Relational migrations are a forced way to deal with the weak flexibility of relational data stores. In the era of fashion for OOP, the style of working with the database meant that we would describe the schema once and not touch it again. But the reality is always that things change, and changes to the structure of tables are required quite often. Naturally, the process itself is painful and unpleasant.

I will not delve into the description of the technology and instructions for adding the library to your project, enough articles have been written on this topic:

In addition, there was already a great article on the topic of useful tips:

Tips

I want to share my advice and comments, which were born through the sweat, blood and pain of solving problems with migration.

1. Before starting, you should read the best practices section on Online Liquibase

There simple but very important things are described, without which the use of the library can complicate your life. For example, a non-structural approach to changeset management will sooner or later lead to confusion and broken migrations. If you do not roll out mutually dependent changes in the structure of the database and the logic of services at the same time, then there is a high probability that this will lead to red tests or a broken environment. In addition, the recommendations for using Liquibase on the official website contain a paragraph about the development and verification of rollback scripts along with the main migration scripts. Well, in the article https://habr.com/ru/post/178665/ there are examples of code related to migrations and the rollback mechanism.

2. If you started using migration tools, do not allow manual corrections in the database structure

As the saying goes: "Once Persil, always Persil." If the base of your application has started to be managed by Liquibase tools, any manual changes instantly lead to an inconsistent state, and the level of trust in changesets becomes zero. Potential risks - several hours spent on restoring the database, in the worst case scenario - a dead server. If your team has an "old school" DBA Architect, patiently and thoughtfully explain to him how bad things will be if he just edits the database in his own way from the conditional SQL Developer.

3. If the changeset has already been pushed to the repository, avoid editing

If another developer pulled and applied a changeset that will be edited later, he will definitely remember you with a kind word when he receives an error when the application starts. If editing the changeset somehow leaks into development, you will have to go down the slippery slope of hotfixes. The essence of the problem rests on the validation of changes by hash sum - the main mechanism of Liquibase. When editing the changeset code, the hash sum changes. Editing changesets is possible only when it is possible to deploy the entire database from scratch without losing data. In this case, refactoring SQL or XML code can, on the contrary, make life easier, make migrations more readable. An example would be a situation when, at the start of the application, the schema of the source database was coordinated within the team.

4. Have verified database backups if possible

Here, I think, everything is clear. If suddenly the migration was unsuccessful, everything can be returned back.
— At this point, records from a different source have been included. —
(* The line supporting G at nu > 0 through a maximizer m lies strictly below G
   at every other point of [0, +oo): equality at z > 0 would make m a maximizer
   for slope 1/z as well, and at z = 0 it reads m < b. *)
Lemma supporting_line_strict nu m z :
  0 < nu -> is_maximizer L b (1 / nu) m -> 0 <= z -> z <> nu -> m - z * L m < G z.
Proof.
  intros hnu Hm hz hznu. destruct (Rle_lt_or_eq_dec 0 z hz) as [hzp | <-].
  2: { rewrite G_at_0. destruct Hm as [hm _]. lra. }
  destruct (maximizer_exists (1 / z)) as [mz Hmz]; [apply Rdiv_lt_0_compat; lra |].
  rewrite (G_at_maximizer z mz hzp Hmz).
  destruct (Rlt_le_dec (m - z * L m) (mz - z * L mz)) as [hlt | hge]; [exact hlt |].
  exfalso. apply hznu.
  assert (Hmz' : is_maximizer L b (1 / z) m).
  { apply maximizer_rescale in Hmz as [_ Hmax]; [| exact hzp].
    apply maximizer_rescale; [exact hzp |]. split; [apply Hm |].
    intros l hl. specialize (Hmax l hl). lra. }
  assert (Hslope : 1 / z = 1 / nu).
  { apply (maximizer_slope_unique _ _ m); [apply smooth_majorants, Hm | exact Hmz' | exact Hm]. }
  replace z with (1 / (1 / z)) by (field; lra). rewrite Hslope. field. lra.
Qed.

Lemma dual_strictly_convex x y t :
  0 <= x -> 0 <= y -> x <> y -> 0 < t < 1 ->
  G (t * x + (1 - t) * y) < t * G x + (1 - t) * G y.
Proof.
  intros hx hy hxy ht. set (nu := t * x + (1 - t) * y).
  assert (hnu : 0 < nu).
  { unfold nu. destruct (Rtotal_order x y) as [h | [h | h]]; [nra | contradiction | nra]. }
  assert (hxnu : x <> nu).
  { unfold nu. intro e. apply hxy. apply (Rmult_eq_reg_l (1 - t)); lra. }
  assert (hynu : y <> nu).
  { unfold nu. intro e. apply hxy. apply (Rmult_eq_reg_l t); lra. }
  destruct (maximizer_exists (1 / nu)) as [m Hm]; [apply Rdiv_lt_0_compat; lra |].
  rewrite (G_at_maximizer nu m hnu Hm).
  pose proof (supporting_line_strict nu m x hnu Hm hx hxnu).
  pose proof (supporting_line_strict nu m y hnu Hm hy hynu).
  unfold nu. nra.
Qed.

End DualFamily.

Lemma max_attained_between (f : R -> R) (b p l0 q : R) :
  p <= l0 <= q -> q < b ->
  (forall c, p <= c <= q -> continuity_pt f c) ->
  (forall l, l <= p -> f l <= f l0) ->
  (forall l, q <= l < b -> f l <= f l0) ->
  exists m, m < b /\ forall l, l < b -> f l <= f m.
Proof.
  intros hl0 hqb Hcont Hlow Hup.
  destruct (continuity_ab_maj f p q ltac:(lra) Hcont) as [m [Hm hm]].
  pose proof (Hm l0 hl0).
  exists m. split; [lra |]. intros l hl.
  destruct (Rle_dec l p) as [h1 | h1]; [pose proof (Hlow l h1); lra |].
  destruct (Rle_dec q l) as [h2 | h2]; [pose proof (Hup l (conj h2 hl)); lra |].
  apply Hm. lra.
Qed.

Definition Lambda_num (k : R) : R := - cos (4 * PI / k).
Definition Lambda_arg (k l : R) : R := (1 - 4 / k) ^ 2 + 8 * l / k.

Lemma Lambda_unfold k l : Lambda k l = ln (Lambda_num k / cos_pi_sqrt (Lambda_arg k l)).
Proof. reflexivity. Qed.

Section LambdaKappa.

Variable k : R.
Hypothesis hk : 8 / 3 < k < 8.

Lemma Lambda_arg_eq l : Lambda_arg k l = 1/4 - (8 / k) * (lam0 k - l).
Proof. unfold Lambda_arg, lam0. field. lra. Qed.

(* -cos(4 pi / k) > 0 because 1/2 < 4/k < 3/2: this is where 8/3 < k < 8 is used. *)
Lemma Lambda_num_pos : 0 < Lambda_num k.
Proof.
  unfold Lambda_num. pose proof PI_RGT_0.
  replace (4 * PI / k) with (PI * (4 / k)) by (field; lra).
  assert (h1 : 1/2 < 4 / k) by (apply Rmult_lt_reg_r with k; [lra | field_simplify; lra]).
  assert (h2 : 4 / k < 3/2) by (apply Rmult_lt_reg_r with k; [lra | field_simplify; lra]).
  assert (cos (PI * (4 / k)) < 0) by (apply cos_lt_0; nra).
  lra.
Qed.

Lemma Lambda_arg_lt l : l < lam0 k -> Lambda_arg k l < 1/4.
Proof.
  intros hl. rewrite Lambda_arg_eq.
  assert (0 < 8 / k) by (apply Rdiv_lt_0_compat; lra). nra.
Qed.

Lemma Lambda_continuous l : l < lam0 k -> continuity_pt (Lambda k) l.
Proof.
  intros hl. pose proof Lambda_num_pos as hA.
  pose proof (cos_pi_sqrt_pos _ (Lambda_arg_lt l hl)) as hc.
  change (continuity_pt
            (comp ln (fun l => Lambda_num k / cos_pi_sqrt (Lambda_arg k l))) l).
  apply continuity_pt_comp.
  - apply (continuity_pt_div (fun _ => Lambda_num k) (comp cos_pi_sqrt (Lambda_arg k)));
      [apply continuity_pt_const; intros ? ?; reflexivity | | unfold comp; lra].
    apply continuity_pt_comp; [| apply cos_pi_sqrt_continuous].
    unfold Lambda_arg. reg.
  - apply continuity_pt_filterlim, continuous_ln, Rdiv_lt_0_compat; assumption.
Qed.

(* Lambda has a differentiable local majorant touching it at every point of its
   domain; this is all the smoothness the uniqueness argument needs. *)
Lemma Lambda_smooth_majorant m : m < lam0 k -> touched_by_smooth_majorant (Lambda k) m.
Proof.
  intros hm. pose proof Lambda_num_pos as hA.
  assert (hk8 : 0 < 8 / k) by (apply Rdiv_lt_0_compat; lra).
  destruct (cos_pi_sqrt_local_minorant (Lambda_arg k m) (Lambda_arg_lt m hm))
    as (c & r & hr & hc & Hcm & Hmin).
  assert (Hdiff : forall l, Lambda_arg k l - Lambda_arg k m = (8 / k) * (l - m))
    by (intros l; unfold Lambda_arg; field; lra).
  exists (fun l => ln (Lambda_num k / c (Lambda_arg k l))), (r / (8 / k)).
  repeat split.
  - apply Rdiv_lt_0_compat; lra.
  - pose proof (cos_pi_sqrt_pos _ (Lambda_arg_lt m hm)).
    apply (ex_derive_comp ln (fun l => Lambda_num k / c (Lambda_arg k l))).
    + auto_derive. rewrite Hcm. apply Rdiv_lt_0_compat; lra.
    + apply (ex_derive_div (fun _ => Lambda_num k) (fun l => c (Lambda_arg k l)));
        [apply ex_derive_const | | rewrite Hcm; lra].
      apply (ex_derive_comp c (Lambda_arg k)); [exact hc |].
      unfold Lambda_arg. auto_derive. lra.
  - rewrite Hcm. reflexivity.
  - intros l hl.
    assert (Hu : Rabs (Lambda_arg k l - Lambda_arg k m) < r).
    { rewrite Hdiff, Rabs_mult, (Rabs_pos_eq (8 / k)) by lra.
      apply Rmult_lt_reg_r with (/ (8 / k)); [apply Rinv_0_lt_compat; lra |].
      replace (8 / k * Rabs (l - m) * / (8 / k)) with (Rabs (l - m)) by (field; lra).
      exact hl. }
    destruct (Hmin _ Hu) as [hc0 hcle].
    rewrite Lambda_unfold. apply ln_le.
    + apply Rdiv_lt_0_compat; lra.
    + apply Rmult_le_compat_l; [lra | apply Rinv_le_contravar; assumption].
Qed.

(* lam0 k - k / 32 is the point where the argument of cos_pi_sqrt vanishes,
   i.e. where the trigonometric and hyperbolic branches of Lambda meet. *)
Lemma Lambda_arg_branch l : Lambda_arg k l = (8 / k) * (l - (lam0 k - k / 32)).
Proof. unfold Lambda_arg, lam0. field. lra. Qed.

Lemma Lambda_at_branch : Lambda k (lam0 k - k / 32) = ln (Lambda_num k).
Proof.
  rewrite Lambda_unfold, Lambda_arg_branch, Rminus_diag, Rmult_0_r, cos_pi_sqrt_0.
  f_equal. field.
Qed.

Lemma Lambda_blowup K : exists q, q < lam0 k /\ forall l, q <= l < lam0 k -> K <= Lambda k l.
Proof.
  pose proof Lambda_num_pos as hA. pose proof PI_RGT_0.
  set (eps := Lambda_num k * exp (- K)).
  assert (heps : 0 < eps) by (apply Rmult_lt_0_compat; [lra | apply exp_pos]).
  set (w := eps * k / (16 * PI)).
  assert (hw : 0 < w) by (apply Rdiv_lt_0_compat; nra).
  exists (Rmax (lam0 k - k / 32) (lam0 k - w)). split.
  { apply Rmax_lub_lt; lra. }
  intros l [hql hl].
  pose proof (Rmax_l (lam0 k - k / 32) (lam0 k - w)).
  pose proof (Rmax_r (lam0 k - k / 32) (lam0 k - w)).
  assert (hu0 : 0 <= Lambda_arg k l).
  { rewrite Lambda_arg_branch. apply Rmult_le_pos; [apply Rlt_le, Rdiv_lt_0_compat |]; lra. }
  pose proof (Lambda_arg_lt l hl) as hu.
  assert (Hsmall : cos_pi_sqrt (Lambda_arg k l) <= eps).
  { eapply Rle_trans; [apply cos_pi_sqrt_upper; assumption |].
    rewrite Lambda_arg_eq.
    replace eps with (2 * PI * (8 / k) * w) by (unfold w; field; lra).
    assert (0 < 8 / k) by (apply Rdiv_lt_0_compat; lra).
    assert ((8 / k) * (lam0 k - l) <= (8 / k) * w) by (apply Rmult_le_compat_l; lra).
    nra. }
  pose proof (cos_pi_sqrt_pos _ hu).
  rewrite Lambda_unfold, <- (ln_exp K).
  apply ln_le; [apply exp_pos |].
  replace (exp K) with (Lambda_num k / eps)
    by (unfold eps; rewrite exp_Ropp; field; split; [apply Rgt_not_eq, exp_pos | lra]).
  apply Rmult_le_compat_l; [lra | apply Rinv_le_contravar; assumption].
Qed.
Liquibase has a rollback tool, but the rollback scripts are also written by the developer himself, and they can have problems with the same probability as in the main changeset scripts. This means that playing it safe with backups is useful in any case.

5. Use verified database backups in development if possible

If this does not contradict contracts and privacy, there is no personal data in the database, and it does not weigh like two suns - before applying it on live migration servers, you can check how it works on the developer's machine and calculate almost 100% of potential problems during migration.

6. Communicate with other developers in the team

In a well-organized development process, everyone on the team knows who is doing what. In reality, this is often not the case, therefore, if you are preparing changes in the database structure as part of your task, it is advisable to additionally notify the entire team about this. If someone is making changes in parallel, you should organize carefully. It is worth communicating with colleagues even at the end of work, not only at the start. Many potential problems with changesets can be resolved at the code review stage.

7. Think what you are doing!

Seemingly self-evident advice applicable to any situation. However, many problems could have been avoided if the developer had once again analyzed what he was doing and what it might affect. Working with migrations always requires extra attention and accuracy.

Traps

Let's now look at the typical traps that you can fall into if you do not follow the advice above, and what, in fact, should be done?

Situation 1. Two developers are trying to add new changesets at the same time

How not to shoot yourself in the foot using Liquibase
Vasya and Petya want to create a version 4 changeset without knowing about each other. They made changes to the database structure, and rolled out a pull request, with different changeset files. The following mechanism is proposed below:

How to solve

  1. Somehow, colleagues must agree on the order in which their changesets should go, let's say Petin should be applied first.
  2. One person should pour the other one in and mark Vasya's changeset with version 5. This can be done via Cherry Pick or a neat merge.
  3. After the changes, be sure to check the validity of the actions taken.
    In fact, the Liquibase mechanisms will allow you to have two version 4 changesets in the repository, so you can leave everything as it is. That is, you will simply have two revisions of version 4 with different names. With this approach, database versions become very difficult to navigate later.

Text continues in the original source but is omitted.